[[ Exercise materials, beginning ]]

(* Let $1\le k\le n-1$ and let $\mu$ be a non-negative finite Borel measure on $G(n,n-k)$ such that $R_{n-k}^*(\mu)\ge1$ and $R_k^*(\mu^\perp)\ge1$. Then $Z=\mathrm{supp}(\mu)$ satisfies $\bigcup_{E\in Z}E\cap S^{n-1}=S^{n-1}$ and $\bigcup_{E\in Z}E^\perp\cap S^{n-1}=S^{n-1}$.
   Context: $G(n,m)$ is the Grassmannian of $m$-dimensional subspaces of $\mathbb{R}^n$. For $E\in G(n,m)$, $R_mf(E)=\int_{S^{n-1}\cap E}f\,d\sigma_E$ ($\sigma_E$ Haar probability on $S^{n-1}\cap E$), and $R_m^*:\mathcal{M}(G(n,m))\to\mathcal{M}(S^{n-1})$ is the dual on signed Borel measures, $\int f\,dR_m^*(\mu)=\int R_mf\,d\mu$. $\mu^\perp\in\mathcal{M}(G(n,k))$ is $\mu^\perp(A)=\mu(\{E^\perp:E\in A\})$. $\nu\ge1$ means $\nu-\sigma$ is a non-negative measure, $\sigma$ the Haar probability measure on $S^{n-1}$. $\mathrm{supp}(\mu)$ is the smallest closed set $Z$ with $\mu(A\setminus Z)=0$ for all Borel $A$. *)

From HB Require Import structures.
From mathcomp Require Import all_boot all_order all_algebra.
From mathcomp Require Import all_classical all_reals all_analysis.
Set Implicit Arguments. Unset Strict Implicit. Unset Printing Implicit Defensive.
Import Order.TTheory GRing.Theory Num.Theory.
Import numFieldNormedType.Exports.
Local Open Scope classical_set_scope.
Local Open Scope ring_scope.

(* Conventions: points of R^n are row vectors 'rV[R]_n; a subspace E of R^n is
   encoded by its orthogonal projection matrix P (E = {x | x *m P = x}). The
   Grassmannian G(n,m) is the set of such projections of rank m, with the
   topology inherited from the space of matrices. Measures live on the Borel
   sigma-algebras of 'rV[R]_n and 'M[R]_n and are concentrated on the sphere,
   resp. on the Grassmannian. *)

Section Defs.
Variable R : realType.

Definition BV (n : nat) := g_sigma_algebraType (@open ('rV[R]_n)).
Definition BM (n : nat) := g_sigma_algebraType (@open ('M[R]_n)).

Definition sphere (n : nat) : set 'rV[R]_n :=
  [set x | \sum_(i < n) x ord0 i ^+ 2 = 1].

Definition is_orth_proj (n : nat) (P : 'M[R]_n) : Prop :=
  P^T = P /\ P *m P = P.

Definition range_of (n : nat) (P : 'M[R]_n) : set 'rV[R]_n :=
  [set x | x *m P = x].

Definition Grass (n m : nat) : set 'M[R]_n :=
  [set P | is_orth_proj P /\ \rank P = m].

Definition orthogonal_mx (n : nat) (U : 'M[R]_n) : Prop := U *m U^T = 1%:M.

(* sig P is the Haar (O(E)-invariant) probability measure on S^{n-1} \cap E,
   for every nonzero subspace E = range P (so sig 1 is the Haar measure on S^{n-1}). *)
Definition haar_family (n : nat)
    (sig : 'M[R]_n -> {measure set (BV n) -> \bar R}) : Prop :=
  forall P : 'M[R]_n, is_orth_proj P -> P != 0 ->
    [/\ sig P (~` (@sphere n `&` range_of P)) = 0%E,
        sig P setT = 1%E &
        forall U : 'M[R]_n, orthogonal_mx U -> U *m P = P *m U ->
          forall A : set (BV n), measurable A ->
            sig P ((fun x : 'rV[R]_n => x *m U) @^-1` A) = sig P A].

Definition radon (n : nat) (sig : 'M[R]_n -> {measure set (BV n) -> \bar R})
    (f : 'rV[R]_n -> R) (P : 'M[R]_n) : \bar R :=
  (\int[sig P]_(x in (@sphere n : set (BV n))) (f x)%:E)%E.

(* R^*(mu) >= 1 : the measure R^*(mu) on S^{n-1}, defined by duality
   \int f dR^*(mu) = \int R f dmu for f in C(S^{n-1}), dominates sigma. *)
Definition Rstar_ge1 (n : nat) (sig : 'M[R]_n -> {measure set (BV n) -> \bar R})
    (mu : {measure set (BM n) -> \bar R}) : Prop :=
  exists nu : {measure set (BV n) -> \bar R},
    [/\ nu (~` @sphere n) = 0%E,
        (forall f : 'rV[R]_n -> R, {within @sphere n, continuous f} ->
           (\int[nu]_(x in (@sphere n : set (BV n))) (f x)%:E)%E =
           (\int[mu]_(P in [set: BM n]) radon sig f P)%E) &
        forall A : set (BV n), measurable A -> (sig 1%:M A <= nu A)%E].

(* mu^perp (A) = mu ({E^perp : E in A}); E^perp is encoded by 1 - P *)
Definition is_perp_measure (n : nat) (mu mup : {measure set (BM n) -> \bar R}) : Prop :=
  forall A : set (BM n), measurable A ->
    mup A = mu [set (1%:M - P : 'M[R]_n) | P in A].

Definition supp (n : nat) (mu : {measure set (BM n) -> \bar R}) : set 'M[R]_n :=
  \bigcap_(Z in [set Z : set 'M[R]_n | closed Z /\
      forall A : set (BM n), measurable A -> mu (A `\` Z) = 0%E]) Z.

End Defs.
Arguments sphere {R} n.

From HB Require Import structures.
From mathcomp Require Import all_boot all_order all_algebra.
From mathcomp Require Import all_classical all_reals all_analysis.
From mathcomp Require Import ring lra.
From mathcomp Require Import zify.
Set Implicit Arguments. Unset Strict Implicit. Unset Printing Implicit Defensive.
Import Order.TTheory GRing.Theory Num.Theory.
Import numFieldNormedType.Exports.
Local Open Scope classical_set_scope.
Local Open Scope ring_scope.

(* Suppose the unit vector x lies in no subspace E of Z = supp mu.  The squared
   distance from x to E is continuous in E and positive on Z; covering the compact
   Grassmannian by finitely many neighbourhoods, each either mu-null or one on which
   the distance is bounded below, it is at least some e > 0 for mu-almost every E.
   A continuous bump f around x supported in the e-ball then has R f(E) = 0 for
   mu-almost every E, so the integral of f against R^*(mu) vanishes, whereas
   R^*(mu) >= sigma bounds it below by the Haar measure of a cap around x, which is
   positive: the orthogonal group moves any cap onto any other of the same radius,
   and finitely many of them cover the sphere.  The statement for orthogonal
   complements is the same argument for mu^perp, whose support is Z^perp. *)

Section Euclid.
Variables (R : realType) (n : nat).
Implicit Types (u v w x y z : 'rV[R]_n) (P U : 'M[R]_n).

Definition sqnorm v : R := \sum_(i < n) v ord0 i ^+ 2.
Definition dot u v : R := (u *m v^T) ord0 ord0.

Lemma sphereE x : sphere n x = (sqnorm x = 1). Proof. by []. Qed.

Lemma sqnormE v : sqnorm v = dot v v.
Proof. by rewrite /dot mxE; apply: eq_bigr => i _; rewrite mxE expr2. Qed.

Lemma sqnorm_ge0 v : 0 <= sqnorm v.
Proof. by apply: sumr_ge0 => i _; exact: sqr_ge0. Qed.

Lemma sqnorm_eq0 v : (sqnorm v == 0) = (v == 0).
Proof.
rewrite psumr_eq0; last by move=> i _; exact: sqr_ge0.
apply/allP/eqP => [v0|-> i _].
  apply/rowP => i; rewrite mxE; apply/eqP; rewrite -sqrf_eq0.
  exact: v0 i (mem_index_enum i).
by rewrite mxE sqrf_eq0 eqxx.
Qed.

Lemma sqnorm_gt0 v : (0 < sqnorm v) = (v != 0).
Proof. by rewrite lt_def sqnorm_eq0 sqnorm_ge0 andbT. Qed.

Lemma sqnorm0 : sqnorm 0 = 0.
Proof. by apply/eqP; rewrite sqnorm_eq0. Qed.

[[ Exercise materials, end ]]

_Assignment_
In the records above, the line with "Definition Rstar_ge1 (n" marks the start and the line with "Definition is_perp_measure (n" marks the end; copy that stretch exactly, both lines included, and nothing else.

_Answer to the exercise_
Definition Rstar_ge1 (n : nat) (sig : 'M[R]_n -> {measure set (BV n) -> \bar R})
    (mu : {measure set (BM n) -> \bar R}) : Prop :=
  exists nu : {measure set (BV n) -> \bar R},
    [/\ nu (~` @sphere n) = 0%E,
        (forall f : 'rV[R]_n -> R, {within @sphere n, continuous f} ->
           (\int[nu]_(x in (@sphere n : set (BV n))) (f x)%:E)%E =
           (\int[mu]_(P in [set: BM n]) radon sig f P)%E) &
        forall A : set (BV n), measurable A -> (sig 1%:M A <= nu A)%E].

(* mu^perp (A) = mu ({E^perp : E in A}); E^perp is encoded by 1 - P *)
Definition is_perp_measure (n : nat) (mu mup : {measure set (BM n) -> \bar R}) : Prop :=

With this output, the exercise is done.